Ah, now we’re talking. That “Smash’’ deserves a callback.

So which “Smash’’ will prevail? A lot depends on series creator and executive producer Theresa Rebeck, a highly regarded playwright who wrote the first three episodes. (They were directed by Michael Mayer, who won a Tony Award for “Spring Awakening’’ and helmed the scorching Broadway production of “American Idiot’’ that came to Boston a couple of weeks ago.)

If Rebeck can resist pressure from ratings-starved NBC and try to keep “Smash’’ authentically rooted (or as authentic as network television can get) in the idiosyncratic particulars of musical theater, the show may deliver on its promise.

It provides a juicy showcase for the one and only Anjelica Huston (as an imposing but financially beleaguered producer) and gives the appealing Debra Messing a welcome return ticket to prime time, as a songwriter drawn back to Broadway while enmeshed in the struggle to adopt a baby.

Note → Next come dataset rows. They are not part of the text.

Lemma det_gram_project_out_row0 :
  \det (project_out_row0 *m project_out_row0^T) = \det (J *m J^T).
Proof.
set L := 1 - proj_coef *m 'e_ord0.
have PE : project_out_row0 = L *m J by rewrite mulmxBl mul1mx -mulmxA -rowE.
have trigL : is_trig_mx L.
  apply/is_trig_mxP => i j lt_ij.
  have j0 : j != ord0 by rewrite -val_eqE -lt0n (leq_ltn_trans _ lt_ij).
  have ij : (i == j) = false by rewrite -val_eqE ltn_eqF.
  by rewrite !mxE big_ord1 !mxE (negbTE j0) ij andbF mulr0 subr0.
have detL : \det L = 1.
  rewrite det_trig // big1 // => i _; rewrite !mxE big_ord1 !mxE eqxx.
  by case: (eqVneq i ord0) => [->|_]; rewrite ?proj_coef0 ?mul0r ?mulr0 subr0.
by rewrite PE trmx_mul !mulmxA -(mulmxA L) !det_mulmx det_tr detL mul1r mulr1.
Qed.

Lemma gram_project_out_row0_first_row j : j != ord0 ->
  (project_out_row0 *m project_out_row0^T) ord0 j = 0.
Proof.
move=> j0; rewrite gram_mxE.
under eq_bigr do rewrite project_out_row0_first project_out_row0E mulrBr.
rewrite sumrB proj_coefE //.
have -> : \sum_l J ord0 l * J j l = (J *m J^T) j ord0.
  by rewrite gram_mxE; apply: eq_bigr => l _; rewrite mulrC.
have -> : \sum_l J ord0 l * ((J *m J^T) j ord0 / (J *m J^T) ord0 ord0 * J ord0 l)
    = (J *m J^T) j ord0 / (J *m J^T) ord0 ord0 * (J *m J^T) ord0 ord0.
  by rewrite gram_diagE mulr_sumr; apply: eq_bigr => l _; rewrite mulrCA expr2.
have [a0|a0] := eqVneq ((J *m J^T) ord0 ord0) 0; last by rewrite divfK ?subrr.
have J0 := sum_sqr_eq0 (etrans (esym (gram_diagE _ _)) a0).
by rewrite a0 mulr0 subr0 gram_mxE big1 // => l _; rewrite J0 mulr0.
Qed.

Lemma gram_project_out_row0_diag_le i :
  (row' ord0 project_out_row0 *m (row' ord0 project_out_row0)^T) i i
  <= (J *m J^T) (lift ord0 i) (lift ord0 i).
Proof.
have lift0 : lift ord0 i != ord0 by rewrite eq_sym neq_lift.
rewrite !gram_diagE; under eq_bigr do rewrite mxE project_out_row0E proj_coefE //.
rewrite gram_diagE gram_mxE.
exact: sum_sqr_residual_le.
Qed.

End ProjectOutFirstRow.

Lemma det_gram_le_prod_diag m k (J : 'M[R]_(m, k)) :
  \det (J *m J^T) <= \prod_i (J *m J^T) i i.
Proof.
elim: m J => [|m IH] J; first by rewrite det_mx00 big_ord0.
set K := project_out_row0 J.
rewrite -det_gram_project_out_row0 det_first_row_diag; last first.
  exact: gram_project_out_row0_first_row.
rewrite row'_col'_gram big_ord_recl.
have -> : (K *m K^T) ord0 ord0 = (J *m J^T) ord0 ord0.
  by rewrite !gram_mxE; apply: eq_bigr => l _; rewrite project_out_row0_first.
apply: ler_wpM2l; first exact: gram_diag_ge0.
apply: le_trans (IH _) _; apply: ler_prod => i _.
by rewrite gram_diag_ge0 gram_project_out_row0_diag_le.
Qed.

End GramDeterminant.

Section SquareRoots.
Variable R : rcfType.

Lemma sqrtrX (x : R) k : 0 <= x -> Num.sqrt (x ^+ k) = Num.sqrt x ^+ k.
Proof.
by move=> x0; rewrite -{1}(sqr_sqrtr x0) -exprM mulnC exprM sqrtr_sqr ger0_norm.
Qed.
(* Let $\overrightarrow{C}=\bigcup_{j=1}^t m_j\overrightarrow{C_{n_j}}$ be a $\Theta$-oriented 2-regular graph with at least two cycle components (where $n_1<\dots<n_t$ are the distinct cycle lengths, $m_j\ge1$, $\sum_j m_j\ge2$), and let $D$ be a distance set of $\overrightarrow{C}$. Then $\overrightarrow{C}$ is $D$-antimagic if and only if $\min(D)=0$.
   Context: An oriented graph is a simple graph each of whose edges is given one direction (an arc $(u,v)$ goes from $u$ to $v$). For vertices $u,v$, $d(u,v)$ is the length of a shortest directed path from $u$ to $v$ ($d(u,u)=0$, $\infty$ if no path). A distance set of an oriented graph is a nonempty set $D$ of nonnegative integers each of which is a finite distance $d(u,v)$ for some pair of vertices. $N_D(v)=\{y : d(v,y)\in D\}$; for a bijection $f:V\to\{1,\dots,|V|\}$, $\omega_D(v)=\sum_{x\in N_D(v)}f(x)$ (empty sum $0$); $f$ is $D$-antimagic if distinct vertices have distinct $D$-weights, and the graph is $D$-antimagic if such an $f$ exists. An oriented 2-regular graph is an orientation of a disjoint union of cycles, each of length at least $3$. A cycle component on $v_1,\dots,v_n$ is $\Theta$-oriented if it has exactly one source (in-degree $0$) and exactly one sink (out-degree $0$) and these are adjacent, i.e. up to relabeling its arcs are $(v_i,v_{i+1})$, $1\le i\le n-1$, and $(v_1,v_n)$; the oriented 2-regular graph is $\Theta$-oriented if every cycle component is $\Theta$-oriented. *)

From mathcomp Require Import all_boot.
Set Implicit Arguments. Unset Strict Implicit. Unset Printing Implicit Defensive.

Fixpoint walkb (T : finType) (e : rel T) (k : nat) (u v : T) : bool :=
  if k is k'.+1 then [exists w, e u w && walkb e k' w v] else u == v.

Definition is_dist (T : finType) (e : rel T) (u v : T) (k : nat) : bool :=
  walkb e k u v && [forall j : 'I_k, ~~ walkb e j u v].

Definition distance_set (T : finType) (e : rel T) (D : pred nat) : Prop :=
  (exists k, D k) /\ (forall k, D k -> exists u v, is_dist e u v k).

Definition ND (T : finType) (e : rel T) (D : pred nat) (v y : T) : bool :=
  [exists k : 'I_#|T|.+1, is_dist e v y k && D k].

Definition Dweight (T : finType) (e : rel T) (D : pred nat) (f : T -> nat)
  (v : T) : nat := \sum_(x | ND e D v x) f x.

Definition labeling (T : finType) (f : T -> nat) : Prop :=
  injective f /\ (forall x, 0 < f x <= #|T|).

Definition D_antimagic (T : finType) (e : rel T) (D : pred nat) : Prop :=
  exists f : T -> nat, labeling f /\ injective (Dweight e D f).

(* Canonical Theta-oriented 2-regular graph with cycle lengths ns:
   component c has vertices 0,...,n-1 (n = nth 0 ns c), arcs (i,i+1) for
   i < n-1 and the arc (0, n-1). *)
Definition theta_vert (ns : seq nat) : finType :=
  {c : 'I_(size ns) & 'I_(nth 0 ns c)}.

Definition theta_arc (ns : seq nat) : rel (theta_vert ns) :=
  fun x y =>
    (tag x == tag y) &&
    ((val (tagged y) == (val (tagged x)).+1) ||
     ((val (tagged x) == 0) && (val (tagged y) == (nth 0 ns (tag x)).-1))).

Definition theta_2reg_multi (T : finType) (e : rel T) : Prop :=
  exists ns : seq nat,
    [/\ 2 <= size ns, all (fun n => 3 <= n) ns &
      exists phi : T -> theta_vert ns,
        bijective phi /\ forall x y, e x y = theta_arc (phi x) (phi y)].

From mathcomp Require Import all_boot zify.
Set Implicit Arguments. Unset Strict Implicit. Unset Printing Implicit Defensive.

(* Number the vertices of a Θ-cycle of length n by levels: the sink has level 0,
   the source level n-1, and the vertex at distance i from the source along
   the long path level n-1-i.  Then y is reachable from v iff both lie in the
   same component with lev y <= lev v, and d(v,y) = lev v - lev y, except
   that d(source, sink) = 1.

   If 0 is not in D, the D-neighbourhood of every sink is empty, so the sinks
   of two different components both have weight 0.

   If 0 is in D, the weight of v is f v plus the sum of f over the vertices
   below v at a distance in D.  Label greedily: the next label goes to a
   vertex all of whose lower vertices are already labelled, choosing one with
   the smallest such sum.  Shifting a pair of vertices one level up in a
   component preserves their distance, so the partial sums stay nondecreasing
   in the label, and the weight is then strictly increasing in the label. *)

(* In level coordinates a Θ-cycle is the path n-1 -> n-2 -> ... -> 0 plus the
   chord n-1 -> 0. *)
Definition theta_level (n p : nat) : nat := if p == 0 then n.-1 else n.-1 - p.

Yet there are unsettling signals that “Smash’’ is not immune to the temptation to drift into predictable, generic, who-slept-with-whom story lines, or, like the aforementioned “Glee,’’ to use dialogue as not much more than a bridge to the next snappy production number.

Originally the brainchild of Steven Spielberg (who is an executive producer), “Smash’’ revolves around the attempt to create a Broadway musical about Marilyn Monroe - and to find the right performer to play her.